If your employer provides you with a credit card (including add-on cards) and pays the bills, it is treated as a taxable perquisite (benefit) in your salary.
• Taxable Value: The actual expenditure incurred (including membership/annual fees) by the employer.
• Exemption: The amount is Not Taxable if:
    1. The expenses are incurred wholly and exclusively for official purposes;
    2. The employer maintains complete details (date, nature of expense); and
    3. The employer gives a certificate confirming the official nature of the expense.

4. Mandatory Quoting of PAN

Under Rule 159 (replacing Rule 114B), you must quote your Permanent Account Number (PAN) when:
• Making an application for the issue of a Credit Card (or Debit Card).

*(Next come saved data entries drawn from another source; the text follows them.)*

(* Let $A$ be a commutative algebra over a field with multiplication $\star$ satisfying the Tortken identity $$(a\star b)\star(c\star d)-(a\star d)\star(c\star b)=(a,b,c)\star d-(a,d,c)\star b\quad\text{for all }a,b,c,d\in A.$$ Then for all $a,b,c,x\in A$: $(a,x,b)\star c+(b,x,c)\star a+(c,x,a)\star b=0$.
   Context: The associator is $(a,b,c)=a\star(b\star c)-(a\star b)\star c$. *)

From mathcomp Require Import all_boot all_order all_algebra.
Set Implicit Arguments. Unset Strict Implicit. Unset Printing Implicit Defensive.
Import GRing.Theory.
Local Open Scope ring_scope.

Definition bilinear_mul (K : fieldType) (V : lmodType K) (mul : V -> V -> V) : Prop :=
  (forall k a b c, mul (k *: a + b) c = k *: mul a c + mul b c) /\
  (forall k a b c, mul a (k *: b + c) = k *: mul a b + mul a c).

Definition commutative_mul (V : Type) (mul : V -> V -> V) : Prop :=
  forall a b, mul a b = mul b a.

Definition assoc (K : fieldType) (V : lmodType K) (mul : V -> V -> V) (a b c : V) : V :=
  mul a (mul b c) - mul (mul a b) c.

Definition tortken (K : fieldType) (V : lmodType K) (mul : V -> V -> V) : Prop :=
  forall a b c d : V,
    mul (mul a b) (mul c d) - mul (mul a d) (mul c b)
    = mul (assoc mul a b c) d - mul (assoc mul a d c) b.

From mathcomp Require Import all_boot all_order all_algebra.
Local Open Scope ring_scope.
Import GRing.Theory.

(* Instantiate the Tortken identity at (a, x, b, c), (b, x, c, a) and (c, x, a, b)
   and add.  By commutativity the left-hand sides telescope to 0, and the
   right-hand sides add up to the claimed cyclic sum minus
   ((a,c,b) + (b,a,c) + (c,b,a)) * x, whose first factor vanishes in any
   commutative algebra. *)

Lemma subr_cycle0 (V : zmodType) (p q r : V) : p - q + (q - r) + (r - p) = 0.
Proof. by rewrite subrKA subrKA subrr. Qed.

Lemma addr3ACA (V : nmodType) (x1 y1 x2 y2 x3 y3 : V) :
  x1 + y1 + (x2 + y2) + (x3 + y3) = x1 + x2 + x3 + (y1 + y2 + y3).
Proof. by rewrite (addrACA x1) (addrACA (x1 + x2)). Qed.

Lemma bilinear_mulDl (K : fieldType) (V : lmodType K) (mul : V -> V -> V) :
  bilinear_mul mul -> forall u v w, mul (u + v) w = mul u w + mul v w.
Proof. by case=> mulZDl _ u v w; rewrite -[u]scale1r mulZDl !scale1r. Qed.

Section CommutativeAlgebra.

Variables (K : fieldType) (V : lmodType K) (mul : V -> V -> V).
Hypothesis mulC : commutative_mul mul.

Local Notation "a ⋆ b" := (mul a b) (at level 40, left associativity).

Lemma assoc_cycle_sum0 (a b c : V) :
  assoc mul a c b + assoc mul b a c + assoc mul c b a = 0.
Proof.
rewrite /assoc (mulC c b) (mulC a c) (mulC b a).
rewrite (mulC a (b ⋆ c)) (mulC b (c ⋆ a)) (mulC c (a ⋆ b)).
exact: subr_cycle0.
Qed.

Lemma tortken_cycle_sum0 (a b c x : V) :
  (a ⋆ x) ⋆ (b ⋆ c) - (a ⋆ c) ⋆ (b ⋆ x)
  + ((b ⋆ x) ⋆ (c ⋆ a) - (b ⋆ a) ⋆ (c ⋆ x))
  + ((c ⋆ x) ⋆ (a ⋆ b) - (c ⋆ b) ⋆ (a ⋆ x)) = 0.
Proof.
rewrite (mulC (a ⋆ c)) (mulC (b ⋆ a)) (mulC (c ⋆ b)).
rewrite (mulC a c) (mulC b a) (mulC c b).
exact: subr_cycle0.
Qed.

Hypothesis mulDl : forall u v w, (u + v) ⋆ w = u ⋆ w + v ⋆ w.

Lemma mul0l (w : V) : 0 ⋆ w = 0.
Proof. by apply: (addrI (0 ⋆ w)); rewrite -mulDl !addr0. Qed.

Lemma assoc_cycle_sum0_mull (a b c x : V) :
  assoc mul a c b ⋆ x + assoc mul b a c ⋆ x + assoc mul c b a ⋆ x = 0.
Proof. by rewrite -!mulDl assoc_cycle_sum0 mul0l. Qed.

End CommutativeAlgebra.

Theorem mainTheorem6 (K : fieldType) (V : lmodType K) (mul : V -> V -> V)
  (Hbil : bilinear_mul mul) (Hcomm : commutative_mul mul) (Htk : tortken mul) :
  forall a b c x : V,
    mul (assoc mul a x b) c + mul (assoc mul b x c) a + mul (assoc mul c x a) b = 0.
Proof.
move=> a b c x.
have tortken_solved u v w : mul (assoc mul u x v) w
    = mul (mul u x) (mul v w) - mul (mul u w) (mul v x) + mul (assoc mul u w v) x.
  by rewrite Htk subrK.
rewrite !tortken_solved addr3ACA tortken_cycle_sum0 // add0r.
apply: assoc_cycle_sum0_mull => //.
exact: bilinear_mulDl.
Qed.
(* Let $(H,\cdot,1,\Delta,\varepsilon,\lhd)$ be a left Post-Hopf algebra, and suppose that $\Delta$ is cocommutative or that $H$ is connected as a coalgebra. Then $(H,\cdot^{\mathrm{op}},1,\Delta^{\mathrm{cop}},\varepsilon,\lhd^{\mathrm{op}})$ is a right Post-Hopf algebra, where $x\cdot^{\mathrm{op}}y=y\cdot x$, $x\lhd^{\mathrm{op}}y=y\lhd x$ and $\Delta^{\mathrm{cop}}=\tau\circ\Delta$ with $\tau(a\otimes b)=b\otimes a$.
   Context: Sweedler notation $\Delta(x)=x^{(1)}\otimes x^{(2)}$. The convolution algebra $\mathrm{Hom}(H,\mathrm{End}(H))$ (relative to the coproduct in use) has product $(f\star g)(x)=f(x^{(1)})\circ g(x^{(2)})$ and unit $x\mapsto\varepsilon(x)\mathrm{Id}_H$. A left Post-Hopf algebra is a Hopf algebra with a coalgebra morphism $\lhd:H\otimes H\to H$ such that $x\lhd(y\cdot z)=(x^{(1)}\lhd y)\cdot(x^{(2)}\lhd z)$, $x\lhd(y\lhd z)=\big(x^{(1)}\cdot(x^{(2)}\lhd y)\big)\lhd z$, and $\alpha_\lhd(x)(y)=x\lhd y$ defines an invertible element of the convolution algebra. A right Post-Hopf algebra is a Hopf algebra with a coalgebra morphism $\rhd:H\otimes H\to H$ such that $(x\cdot y)\rhd z=(x\rhd z^{(1)})\cdot(y\rhd z^{(2)})$, $(x\rhd y)\rhd z=x\rhd\big((y\rhd z^{(1)})\cdot z^{(2)}\big)$, and $\gamma_\rhd(x)(y)=y\rhd x$ defines an invertible element of the convolution algebra. Connectedness: with $\rho(x)=x-\varepsilon(x)1$, $\tilde\Delta(x)=\Delta(x)-1\otimes x-x\otimes 1$ on $\ker\varepsilon$, $\tilde\Delta(1)=0$, $\tilde\Delta^{(0)}=\rho$, $\tilde\Delta^{(k)}=(\tilde\Delta\otimes\mathrm{Id}^{\otimes k-1})\circ\tilde\Delta^{(k-1)}$, $H$ is connected as a coalgebra if every $x$ satisfies $\tilde\Delta^{(n)}(x)=0$ for some $n$. *)

(* Elements of H^{⊗m} are represented as finite formal sums of pure
   tensors (a [seq (seq H)] whose entries have length m); two such sums are
   equal in H^{⊗m} iff every m-multilinear map into every K-module agrees on
   them (universal property of the tensor product). *)
From HB Require Import structures.
From mathcomp Require Import all_boot all_order all_algebra.
Set Implicit Arguments.
Unset Strict Implicit.
Unset Printing Implicit Defensive.
Import GRing.Theory.
Local Open Scope ring_scope.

• This applies to all such applications, regardless of the limit.
5. Business Expenses & Deductions
• Allowed Mode: Credit Card is recognized as a “specified electronic mode”. Payments made via Credit Card for business expenses exceeding ₹ 10,000 in a day are allowed as a deduction (whereas cash payments > ₹ 10,000 are disallowed).
• Acceptance Mandatory: Businesses with a turnover exceeding ₹ 50 Crore must provide facilities to accept payments through prescribed electronic modes, which includes Credit Cards.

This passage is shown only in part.